Now, try to modify just one value in the test_hash.csv file. Run the code again and you instantly see that this simple-looking method actually does detect the change (these are typical results, and your precise output may vary):

Someone has changed the file.
Original md5: '182f800102c9d3cea2f95d370b023a12'
        New: 'fae92acdd056dfd3c2383982657e7c8f'
Original sha1: '845d2f247cdbb77e859e372c99241530898ec7cb'
        New: '677f4c2cfcc87c55f0575f734ad1ffb1e97de415'

Changing the original file back will restore the original “The file hasn’t been modified.” output. Consequently, once you have vetted and verified your data source file, you can use this technique to ensure that even a restored copy of the file is correct. The biggest issue with this approach is that you must ensure the integrity of hash storage or any comparison you make will be problematic.

Working with hashes and larger files

When working with large data files, you can’t read the entire file into memory at once. Doing so would cause the application to crash due to a lack of memory. Consequently, you create a loop where you read the data in blocks of a certain size, such as 64 KB. The loop continues to run until a test of the input variable shows there is no more data to process. Most developers use a break statement to break out of the loop at this point.

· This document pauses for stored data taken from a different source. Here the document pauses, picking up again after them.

Lemma level_drift gp : geodesic_system trap_size trap 0 gp ->
  forall x, (x < trap_size)%nat -> x <> 0%nat ->
  trap_mean gp level_weight x <= level_weight x - / INR trap_size.
Proof.
  intros Hgp x Hx Hx0. pose proof spine_lt_size.
  assert (HN : 1 <= INR trap_size) by (apply (le_INR 1); lia).
  unfold level_weight. destruct (Nat.eq_dec x k) as [->|Hxk].
  - rewrite step_mean_excited by (rewrite ?geodesic_first_step, ?Nat.eqb_refl; auto; lia).
    rewrite geodesic_first_step, !level_spine by (auto; lia).
    set (N := INR trap_size). fold N in HN |- *.
    pose proof (eq_refl : level_potential N (2 * k) (S (k - 1)) =
      level_potential N (2 * k) (k - 1) + N ^ (2 * k - (k - 1))) as Hsucc.
    replace (S (k - 1)) with k in Hsucc by lia.
    assert (1 <= N ^ (2 * k - (k - 1))) by (apply pow_R1_Rle; lra).
    assert (/ N <= 1) by (rewrite <- Rinv_1; apply Rinv_le_contravar; lra). lra.
  - assert (HX : Nat.eqb x k = false) by now apply Nat.eqb_neq.
    destruct (Nat.le_gt_cases x k) as [Hle|Hgt].
    + apply (step_mean_level_potential_le _ _ _ (fun z => Nat.eqb z k) _ level _ x (x - 1) HX);
        rewrite ?level_spine by lia; try lia.
      * apply trap_spine_edge; lia.
      * intros y Hy. destruct (trap_spine_neighbours x y ltac:(lia) Hy) as [->|[->|[j [Hj ->]]]].
        -- rewrite level_spine; lia.
        -- rewrite level_spine; lia.
        -- rewrite level_detour by (unfold detour_index; lia). lia.
    + destruct (trap_decode x (conj Hgt Hx)) as [l [r [j [Hidx ->]]]].
      pose proof (level_below l r j Hidx). pose proof (level_above l r j Hidx).
      apply (step_mean_level_potential_le _ _ _ (fun z => Nat.eqb z k) _ level _ _
        (below l r j) HX); auto.
      * now apply below_lt_size.
      * now apply trap_below.
      * intros y Hy. destruct (trap_detour_neighbours l r j y Hidx Hy) as [->| ->]; lia.
      * rewrite level_detour by auto. unfold detour_index in Hidx. lia.
Qed.
(* Let $\varepsilon\in(0,\tfrac12)$ and let $W_n=W_n^{\varepsilon}$ be the weighted diamonds defined below. Then there is a constant $C(\varepsilon)<\infty$ such that for every $n\ge 0$ the metric space $V(W_n)$ (with weighted shortest path distance) admits a bilipschitz embedding into $\ell_2$ with distortion at most $C(\varepsilon)$.
   Context: Diamonds: $D_0$ is an edge; $D_i$ is obtained from $D_{i-1}$ by replacing each edge $uv$ by a quadrilateral $u,a,v,b$ (so $V(D_{i-1})\subseteq V(D_i)$ and the edges of $D_{i-1}$ are not edges of $D_i$). Weighted diamonds: $W_0=D_0$ with its edge of weight $1$; for $n\ge1$, $W_n$ has vertex set $V(D_n)$ and edge set $E(W_{n-1})\cup E(D_n)$, where edges of $W_{n-1}$ keep their weights and each edge of $D_n$ gets weight $(\tfrac12+\varepsilon)^n$. Thus $W_n$ has all edges of $D_0,D_1,\dots,D_n$, the edges of $D_j$ having weight $(\tfrac12+\varepsilon)^j$. $W_n$ carries the weighted shortest path metric. *)

From Stdlib Require Import Reals List.
Import ListNotations.
Open Scope R_scope.

(* The four edges of the quadrilateral u,a,v,b replacing an edge uv:
   Q_ua = u-a, Q_av = a-v, Q_vb = v-b, Q_bu = b-u. *)
Inductive quad := Q_ua | Q_av | Q_vb | Q_bu.

Fixpoint Etype (n : nat) : Type :=
  match n with
  | O => unit
  | S m => (Etype m * quad)%type
  end.

(* Vertices of D_n: either a vertex of D_(n-1) (so V(D_(n-1)) ⊆ V(D_n)),
   or a new vertex a (false) / b (true) created on an edge of D_(n-1).
   D_0 has the two vertices false, true. *)
Fixpoint Vtype (n : nat) : Type :=
  match n with
  | O => bool
  | S m => (Vtype m + (Etype m * bool))%type
  end.

Fixpoint ends (n : nat) : Etype n -> Vtype n * Vtype n :=
  match n as n0 return Etype n0 -> Vtype n0 * Vtype n0 with
  | O => fun _ => (false, true)
  | S m => fun eq =>
      let (e, q) := eq in
      let (u, v) := ends m e in
      match q with
      | Q_ua => (inl u, inr (e, false))
      | Q_av => (inr (e, false), inl v)
      | Q_vb => (inl v, inr (e, true))
      | Q_bu => (inr (e, true), inl u)
      end
  end.

Fixpoint Elist (n : nat) : list (Etype n) :=
  match n as n0 return list (Etype n0) with
  | O => [tt]
  | S m => flat_map (fun e => [(e, Q_ua); (e, Q_av); (e, Q_vb); (e, Q_bu)]) (Elist m)
  end.

Fixpoint WE (eps : R) (n : nat) : list (Vtype n * Vtype n * R) :=
  match n as n0 return list (Vtype n0 * Vtype n0 * R) with
  | O => [(false, true, 1)]
  | S m =>
      map (fun t : Vtype m * Vtype m * R =>
             let '(u, v, w) := t in ((inl u : Vtype (S m)), (inl v : Vtype (S m)), w))
          (WE eps m)
      ++ map (fun e => let (u, v) := ends (S m) e in (u, v, (/2 + eps) ^ (S m)))
             (Elist (S m))
  end.

Inductive walk (eps : R) (n : nat) : Vtype n -> Vtype n -> R -> Prop :=
  | walk_nil : forall x, walk eps n x x 0
  | walk_cons : forall x y z w L,
      (In (x, y, w) (WE eps n) \/ In (y, x, w) (WE eps n)) ->
      walk eps n y z L -> walk eps n x z (w + L).

Definition is_dist (eps : R) (n : nat) (x y : Vtype n) (d : R) : Prop :=
  (forall L, walk eps n x y L -> d <= L) /\
  (forall e, 0 < e -> exists L, walk eps n x y L /\ L < d + e).

Definition in_l2 (x : nat -> R) : Prop :=
  exists l, infinite_sum (fun i => (x i) ^ 2) l.

Definition l2_sqdist (x y : nat -> R) (S : R) : Prop :=
  infinite_sum (fun i => (x i - y i) ^ 2) S.

From Stdlib Require Import Reals List Lra Lia.
From Stdlib Require Import FinFun Classical_Prop Program.Equality.
Import ListNotations.
Open Scope R_scope.

(* Write r = 1/2 + eps, so that 1/2 < r < 1 and the edges of D_i weigh r^i in W_n.
   A point of the metric graph D_m is a vertex or a point t*u + (1-t)*v of an edge uv;
   [bary] is its barycentric vector in R^V(D_m).  The map [collapse] : D_(m+1) -> D_m
   folds each quadrilateral u,a,v,b onto the edge uv it replaced (a and b go to the
   midpoint of uv).  A vertex x of W_n is embedded as the concatenation, over the levels
   m = n, ..., 0, of r^m times the barycentric vector of the image of x in D_m.

   Collapsing halves parameter differences along an edge while the level
   weight only shrinks by r > 1/2, so two points of one edge of D_m at parameters t, t'
   are at squared embedded distance <= c(r) (t - t')^2 r^(2m) ([cell_bound]).  Adding
   the contributions of the levels above, an edge of weight r^i is stretched by at most
   sqrt K(r) ([edge_lipschitz]); by the triangle inequality so is every walk.

   Follow the images ("shadows") of x and y down the levels and let i be
   the last level at which their supports are still disjoint ([separation_level]).  That
   level alone contributes r^(2i)/2 to the squared distance ([separated_level_far]),
   while one level lower (or through the root edge, if i = 0) the shadows meet, which
   yields a walk from x to y of length <= 2 r^i / (1 - r), because every support vertex
   of a shadow at level m lies within r^(m+1)/(1-r) of the vertex ([shadow_support_near]). *)

Definition quad_eq_dec (a b : quad) : {a = b} + {a <> b}.
Proof. decide equality. Defined.
(* Let $\varphi\in\mathcal{A}$ be w.h.i.s. Then the algebra of Casimirs of $(\mathcal{A},\{\cdot,\cdot\}_\varphi)$ is $H^0(\mathcal{A},\varphi)=\mathrm{Cas}(\mathcal{A},\varphi)=\{f\in\mathcal{A}\mid \vec\nabla f\times\vec\nabla\varphi=\vec 0\}=\bigoplus_{i\in\mathbf{N}}\mathbf{F}\varphi^i=\mathbf{F}[\varphi].$
   Context: $\mathbf{F}$ is a field of characteristic zero and $\mathcal{A}=\mathbf{F}[x,y,z]$. Elements of $\mathcal{A}^3$ are treated as vector fields: $\vec f\cdot\vec g$, $\vec f\times\vec g$ are the usual inner and cross products, $\vec\nabla f=(\partial f/\partial x,\partial f/\partial y,\partial f/\partial z)$, $\vec\nabla\times$ is the curl and $\mathrm{Div}$ the divergence. Fix positive integers $\varpi_1,\varpi_2,\varpi_3$ without common divisor $>1$ (weights of $x,y,z$). A nonzero polynomial is weight homogeneous of degree $d$ if it is an $\mathbf{F}$-linear combination of monomials $x^ay^bz^c$ with $a\varpi_1+b\varpi_2+c\varpi_3=d$; write $\varpi(f)=d$. $\varphi\in\mathcal{A}$ is w.h.i.s. if it is weight homogeneous and $\mathcal{A}_{sing}:=\mathcal{A}/\langle\partial_x\varphi,\partial_y\varphi,\partial_z\varphi\rangle$ is a nonzero finite-dimensional $\mathbf{F}$-vector space. The Poisson bracket $\{\cdot,\cdot\}_\varphi$ on $\mathcal{A}$ is the biderivation determined by $\{x,y\}_\varphi=\partial\varphi/\partial z$, $\{y,z\}_\varphi=\partial\varphi/\partial x$, $\{z,x\}_\varphi=\partial\varphi/\partial y$; its Casimirs are the $f$ with $\{f,\cdot\}_\varphi=0$, i.e. $\vec\nabla f\times\vec\nabla\varphi=\vec 0$. *)

From HB Require Import structures.
From mathcomp Require Import all_boot all_order all_algebra.
From mathcomp Require Import mpoly.
Set Implicit Arguments. Unset Strict Implicit. Unset Printing Implicit Defensive.
Import Order.TTheory GRing.Theory.
Local Open Scope ring_scope.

To create the hash, you must process each block separately by calling the update() function, rather than using the constructor as shown in the example in the previous section. The result is that the hash changes during each loop until you obtain a final value. As with the example code in this chapter, you can then use the hexdigest() function to retrieve the file hash value as a string. Here’s a quick overview of the loop using 64-KB chunks (this code isn’t meant to be run, and simply shows the technique):

chunksize = 65536
md5Hash = hashlib.md5()
with open(filename, 'rb') as hashFile:
    while chunk := hashFile.read(chunksize):
        md5Hash.update(chunk)
return md5Hash.hexdigest()

The hash obtained using a single call to the constructor is the same as the hash obtained using update() as long as you process the entire file in both cases. Consequently, modifying your code to handle larger files when it becomes necessary shouldn’t change the stored hash values.

Using a data version control system example

This section discusses data version control. Application code version control is another matter because it involves working with different versions of an application. Unfortunately, many people focus on application code because that’s something they’re personally involved in writing, and spend less time with their data. The problem with this approach is that you can suddenly find that your application code works perfectly, but produces incorrect output because the data has been altered in some way.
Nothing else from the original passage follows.